[Exercise input]
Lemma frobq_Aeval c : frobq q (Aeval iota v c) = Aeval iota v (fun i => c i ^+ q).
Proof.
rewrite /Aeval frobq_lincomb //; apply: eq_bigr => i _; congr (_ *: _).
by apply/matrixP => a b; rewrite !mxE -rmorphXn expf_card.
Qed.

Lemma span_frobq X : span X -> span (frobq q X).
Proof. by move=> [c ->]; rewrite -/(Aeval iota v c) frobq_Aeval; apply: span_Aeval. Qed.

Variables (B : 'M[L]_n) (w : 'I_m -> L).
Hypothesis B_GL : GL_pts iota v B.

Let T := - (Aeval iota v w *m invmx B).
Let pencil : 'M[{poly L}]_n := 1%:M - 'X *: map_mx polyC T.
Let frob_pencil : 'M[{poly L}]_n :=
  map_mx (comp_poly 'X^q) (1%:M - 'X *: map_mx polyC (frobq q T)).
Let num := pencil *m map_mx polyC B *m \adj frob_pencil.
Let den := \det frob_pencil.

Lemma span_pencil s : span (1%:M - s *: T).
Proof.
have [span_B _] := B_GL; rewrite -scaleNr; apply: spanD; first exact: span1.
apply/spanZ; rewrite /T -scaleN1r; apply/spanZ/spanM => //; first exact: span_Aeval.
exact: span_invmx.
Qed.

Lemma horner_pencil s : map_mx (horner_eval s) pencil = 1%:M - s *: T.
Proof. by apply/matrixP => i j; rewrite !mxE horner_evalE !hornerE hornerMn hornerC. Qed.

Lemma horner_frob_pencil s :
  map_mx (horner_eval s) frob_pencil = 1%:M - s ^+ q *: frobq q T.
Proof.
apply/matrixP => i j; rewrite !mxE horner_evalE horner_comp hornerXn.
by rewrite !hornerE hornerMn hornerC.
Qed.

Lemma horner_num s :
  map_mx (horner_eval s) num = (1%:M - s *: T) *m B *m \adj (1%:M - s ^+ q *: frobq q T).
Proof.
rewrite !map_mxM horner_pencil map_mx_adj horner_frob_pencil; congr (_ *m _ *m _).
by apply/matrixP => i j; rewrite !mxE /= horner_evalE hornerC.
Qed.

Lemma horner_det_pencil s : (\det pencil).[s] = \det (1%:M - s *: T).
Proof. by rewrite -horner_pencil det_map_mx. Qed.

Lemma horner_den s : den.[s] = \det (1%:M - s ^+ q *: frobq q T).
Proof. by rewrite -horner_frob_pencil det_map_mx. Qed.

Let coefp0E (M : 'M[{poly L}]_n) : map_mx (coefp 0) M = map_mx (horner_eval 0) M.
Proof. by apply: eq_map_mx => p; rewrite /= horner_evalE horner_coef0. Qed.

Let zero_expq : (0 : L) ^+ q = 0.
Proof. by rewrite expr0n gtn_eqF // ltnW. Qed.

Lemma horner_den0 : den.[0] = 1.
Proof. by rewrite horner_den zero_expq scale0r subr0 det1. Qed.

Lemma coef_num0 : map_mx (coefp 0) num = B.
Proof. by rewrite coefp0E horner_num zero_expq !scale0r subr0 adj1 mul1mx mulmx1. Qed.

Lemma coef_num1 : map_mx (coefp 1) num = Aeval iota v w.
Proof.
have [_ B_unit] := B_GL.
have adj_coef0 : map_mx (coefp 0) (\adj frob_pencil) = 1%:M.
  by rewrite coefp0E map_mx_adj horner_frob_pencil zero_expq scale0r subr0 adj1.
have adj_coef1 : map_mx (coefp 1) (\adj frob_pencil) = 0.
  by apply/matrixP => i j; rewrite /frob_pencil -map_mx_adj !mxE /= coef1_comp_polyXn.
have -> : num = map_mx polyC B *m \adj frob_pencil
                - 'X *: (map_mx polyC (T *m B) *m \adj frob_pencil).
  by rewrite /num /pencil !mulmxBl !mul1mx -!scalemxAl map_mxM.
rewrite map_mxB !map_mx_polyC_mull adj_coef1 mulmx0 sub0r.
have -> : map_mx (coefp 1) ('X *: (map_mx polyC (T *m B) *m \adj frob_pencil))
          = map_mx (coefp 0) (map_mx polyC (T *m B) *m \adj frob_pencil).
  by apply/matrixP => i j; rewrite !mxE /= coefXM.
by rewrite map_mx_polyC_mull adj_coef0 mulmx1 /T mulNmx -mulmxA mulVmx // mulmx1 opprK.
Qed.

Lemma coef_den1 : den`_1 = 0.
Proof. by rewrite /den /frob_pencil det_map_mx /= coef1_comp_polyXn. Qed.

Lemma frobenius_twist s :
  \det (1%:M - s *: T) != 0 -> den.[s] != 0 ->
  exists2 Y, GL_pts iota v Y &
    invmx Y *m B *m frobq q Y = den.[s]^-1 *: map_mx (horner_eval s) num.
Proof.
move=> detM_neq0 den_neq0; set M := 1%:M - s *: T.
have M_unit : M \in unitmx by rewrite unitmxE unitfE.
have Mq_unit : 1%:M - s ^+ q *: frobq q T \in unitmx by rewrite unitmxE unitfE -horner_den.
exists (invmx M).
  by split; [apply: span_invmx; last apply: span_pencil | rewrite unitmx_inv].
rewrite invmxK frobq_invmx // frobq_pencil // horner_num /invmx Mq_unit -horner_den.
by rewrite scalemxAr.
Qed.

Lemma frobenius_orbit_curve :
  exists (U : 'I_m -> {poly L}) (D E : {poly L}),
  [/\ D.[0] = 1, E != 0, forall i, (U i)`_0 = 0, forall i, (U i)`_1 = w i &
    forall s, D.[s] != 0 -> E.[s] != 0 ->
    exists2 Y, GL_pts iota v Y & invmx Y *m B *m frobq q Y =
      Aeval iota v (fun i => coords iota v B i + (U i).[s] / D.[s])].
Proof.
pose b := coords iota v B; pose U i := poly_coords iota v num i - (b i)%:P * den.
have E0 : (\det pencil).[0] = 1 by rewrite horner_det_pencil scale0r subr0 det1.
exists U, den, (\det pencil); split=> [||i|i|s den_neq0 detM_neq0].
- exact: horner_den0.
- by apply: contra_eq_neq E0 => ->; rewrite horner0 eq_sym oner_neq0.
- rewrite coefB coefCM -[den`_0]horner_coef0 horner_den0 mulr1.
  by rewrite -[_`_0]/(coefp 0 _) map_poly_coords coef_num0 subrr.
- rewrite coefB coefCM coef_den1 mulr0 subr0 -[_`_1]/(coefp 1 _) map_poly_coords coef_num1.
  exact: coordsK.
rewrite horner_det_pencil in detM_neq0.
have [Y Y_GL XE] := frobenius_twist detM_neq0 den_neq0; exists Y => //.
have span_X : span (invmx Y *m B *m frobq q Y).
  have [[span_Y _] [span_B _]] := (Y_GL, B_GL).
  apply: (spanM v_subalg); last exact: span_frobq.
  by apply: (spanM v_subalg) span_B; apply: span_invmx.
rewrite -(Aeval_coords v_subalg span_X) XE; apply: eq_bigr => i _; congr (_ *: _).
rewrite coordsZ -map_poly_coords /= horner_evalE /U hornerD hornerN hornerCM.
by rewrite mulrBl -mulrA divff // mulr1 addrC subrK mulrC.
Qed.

[Work order]
The data above must be reproduced in full, exactly as given.

[Expected answer]
Lemma frobq_Aeval c : frobq q (Aeval iota v c) = Aeval iota v (fun i => c i ^+ q).
Proof.
rewrite /Aeval frobq_lincomb //; apply: eq_bigr => i _; congr (_ *: _).
by apply/matrixP => a b; rewrite !mxE -rmorphXn expf_card.
Qed.

Lemma span_frobq X : span X -> span (frobq q X).
Proof. by move=> [c ->]; rewrite -/(Aeval iota v c) frobq_Aeval; apply: span_Aeval. Qed.

Variables (B : 'M[L]_n) (w : 'I_m -> L).
Hypothesis B_GL : GL_pts iota v B.

Let T := - (Aeval iota v w *m invmx B).
Let pencil : 'M[{poly L}]_n := 1%:M - 'X *: map_mx polyC T.
Let frob_pencil : 'M[{poly L}]_n :=
  map_mx (comp_poly 'X^q) (1%:M - 'X *: map_mx polyC (frobq q T)).
Let num := pencil *m map_mx polyC B *m \adj frob_pencil.
Let den := \det frob_pencil.

Lemma span_pencil s : span (1%:M - s *: T).
Proof.
have [span_B _] := B_GL; rewrite -scaleNr; apply: spanD; first exact: span1.
apply/spanZ; rewrite /T -scaleN1r; apply/spanZ/spanM => //; first exact: span_Aeval.
exact: span_invmx.
Qed.

Lemma horner_pencil s : map_mx (horner_eval s) pencil = 1%:M - s *: T.
Proof. by apply/matrixP => i j; rewrite !mxE horner_evalE !hornerE hornerMn hornerC. Qed.

Lemma horner_frob_pencil s :
  map_mx (horner_eval s) frob_pencil = 1%:M - s ^+ q *: frobq q T.
Proof.
apply/matrixP => i j; rewrite !mxE horner_evalE horner_comp hornerXn.
by rewrite !hornerE hornerMn hornerC.
Qed.

Lemma horner_num s :
  map_mx (horner_eval s) num = (1%:M - s *: T) *m B *m \adj (1%:M - s ^+ q *: frobq q T).
Proof.
rewrite !map_mxM horner_pencil map_mx_adj horner_frob_pencil; congr (_ *m _ *m _).
by apply/matrixP => i j; rewrite !mxE /= horner_evalE hornerC.
Qed.

Lemma horner_det_pencil s : (\det pencil).[s] = \det (1%:M - s *: T).
Proof. by rewrite -horner_pencil det_map_mx. Qed.

Lemma horner_den s : den.[s] = \det (1%:M - s ^+ q *: frobq q T).
Proof. by rewrite -horner_frob_pencil det_map_mx. Qed.

Let coefp0E (M : 'M[{poly L}]_n) : map_mx (coefp 0) M = map_mx (horner_eval 0) M.
Proof. by apply: eq_map_mx => p; rewrite /= horner_evalE horner_coef0. Qed.

Let zero_expq : (0 : L) ^+ q = 0.
Proof. by rewrite expr0n gtn_eqF // ltnW. Qed.

Lemma horner_den0 : den.[0] = 1.
Proof. by rewrite horner_den zero_expq scale0r subr0 det1. Qed.

Lemma coef_num0 : map_mx (coefp 0) num = B.
Proof. by rewrite coefp0E horner_num zero_expq !scale0r subr0 adj1 mul1mx mulmx1. Qed.

Lemma coef_num1 : map_mx (coefp 1) num = Aeval iota v w.
Proof.
have [_ B_unit] := B_GL.
have adj_coef0 : map_mx (coefp 0) (\adj frob_pencil) = 1%:M.
  by rewrite coefp0E map_mx_adj horner_frob_pencil zero_expq scale0r subr0 adj1.
have adj_coef1 : map_mx (coefp 1) (\adj frob_pencil) = 0.
  by apply/matrixP => i j; rewrite /frob_pencil -map_mx_adj !mxE /= coef1_comp_polyXn.
have -> : num = map_mx polyC B *m \adj frob_pencil
                - 'X *: (map_mx polyC (T *m B) *m \adj frob_pencil).
  by rewrite /num /pencil !mulmxBl !mul1mx -!scalemxAl map_mxM.
rewrite map_mxB !map_mx_polyC_mull adj_coef1 mulmx0 sub0r.
have -> : map_mx (coefp 1) ('X *: (map_mx polyC (T *m B) *m \adj frob_pencil))
          = map_mx (coefp 0) (map_mx polyC (T *m B) *m \adj frob_pencil).
  by apply/matrixP => i j; rewrite !mxE /= coefXM.
by rewrite map_mx_polyC_mull adj_coef0 mulmx1 /T mulNmx -mulmxA mulVmx // mulmx1 opprK.
Qed.

Lemma coef_den1 : den`_1 = 0.
Proof. by rewrite /den /frob_pencil det_map_mx /= coef1_comp_polyXn. Qed.

Lemma frobenius_twist s :
  \det (1%:M - s *: T) != 0 -> den.[s] != 0 ->
  exists2 Y, GL_pts iota v Y &
    invmx Y *m B *m frobq q Y = den.[s]^-1 *: map_mx (horner_eval s) num.
Proof.
move=> detM_neq0 den_neq0; set M := 1%:M - s *: T.
have M_unit : M \in unitmx by rewrite unitmxE unitfE.
have Mq_unit : 1%:M - s ^+ q *: frobq q T \in unitmx by rewrite unitmxE unitfE -horner_den.
exists (invmx M).
  by split; [apply: span_invmx; last apply: span_pencil | rewrite unitmx_inv].
rewrite invmxK frobq_invmx // frobq_pencil // horner_num /invmx Mq_unit -horner_den.
by rewrite scalemxAr.
Qed.

Lemma frobenius_orbit_curve :
  exists (U : 'I_m -> {poly L}) (D E : {poly L}),
  [/\ D.[0] = 1, E != 0, forall i, (U i)`_0 = 0, forall i, (U i)`_1 = w i &
    forall s, D.[s] != 0 -> E.[s] != 0 ->
    exists2 Y, GL_pts iota v Y & invmx Y *m B *m frobq q Y =
      Aeval iota v (fun i => coords iota v B i + (U i).[s] / D.[s])].
Proof.
pose b := coords iota v B; pose U i := poly_coords iota v num i - (b i)%:P * den.
have E0 : (\det pencil).[0] = 1 by rewrite horner_det_pencil scale0r subr0 det1.
exists U, den, (\det pencil); split=> [||i|i|s den_neq0 detM_neq0].
- exact: horner_den0.
- by apply: contra_eq_neq E0 => ->; rewrite horner0 eq_sym oner_neq0.
- rewrite coefB coefCM -[den`_0]horner_coef0 horner_den0 mulr1.
  by rewrite -[_`_0]/(coefp 0 _) map_poly_coords coef_num0 subrr.
- rewrite coefB coefCM coef_den1 mulr0 subr0 -[_`_1]/(coefp 1 _) map_poly_coords coef_num1.
  exact: coordsK.
rewrite horner_det_pencil in detM_neq0.
have [Y Y_GL XE] := frobenius_twist detM_neq0 den_neq0; exists Y => //.
have span_X : span (invmx Y *m B *m frobq q Y).
  have [[span_Y _] [span_B _]] := (Y_GL, B_GL).
  apply: (spanM v_subalg); last exact: span_frobq.
  by apply: (spanM v_subalg) span_B; apply: span_invmx.
rewrite -(Aeval_coords v_subalg span_X) XE; apply: eq_bigr => i _; congr (_ *: _).
rewrite coordsZ -map_poly_coords /= horner_evalE /U hornerD hornerN hornerCM.
by rewrite mulrBl -mulrA divff // mulr1 addrC subrK mulrC.
Qed.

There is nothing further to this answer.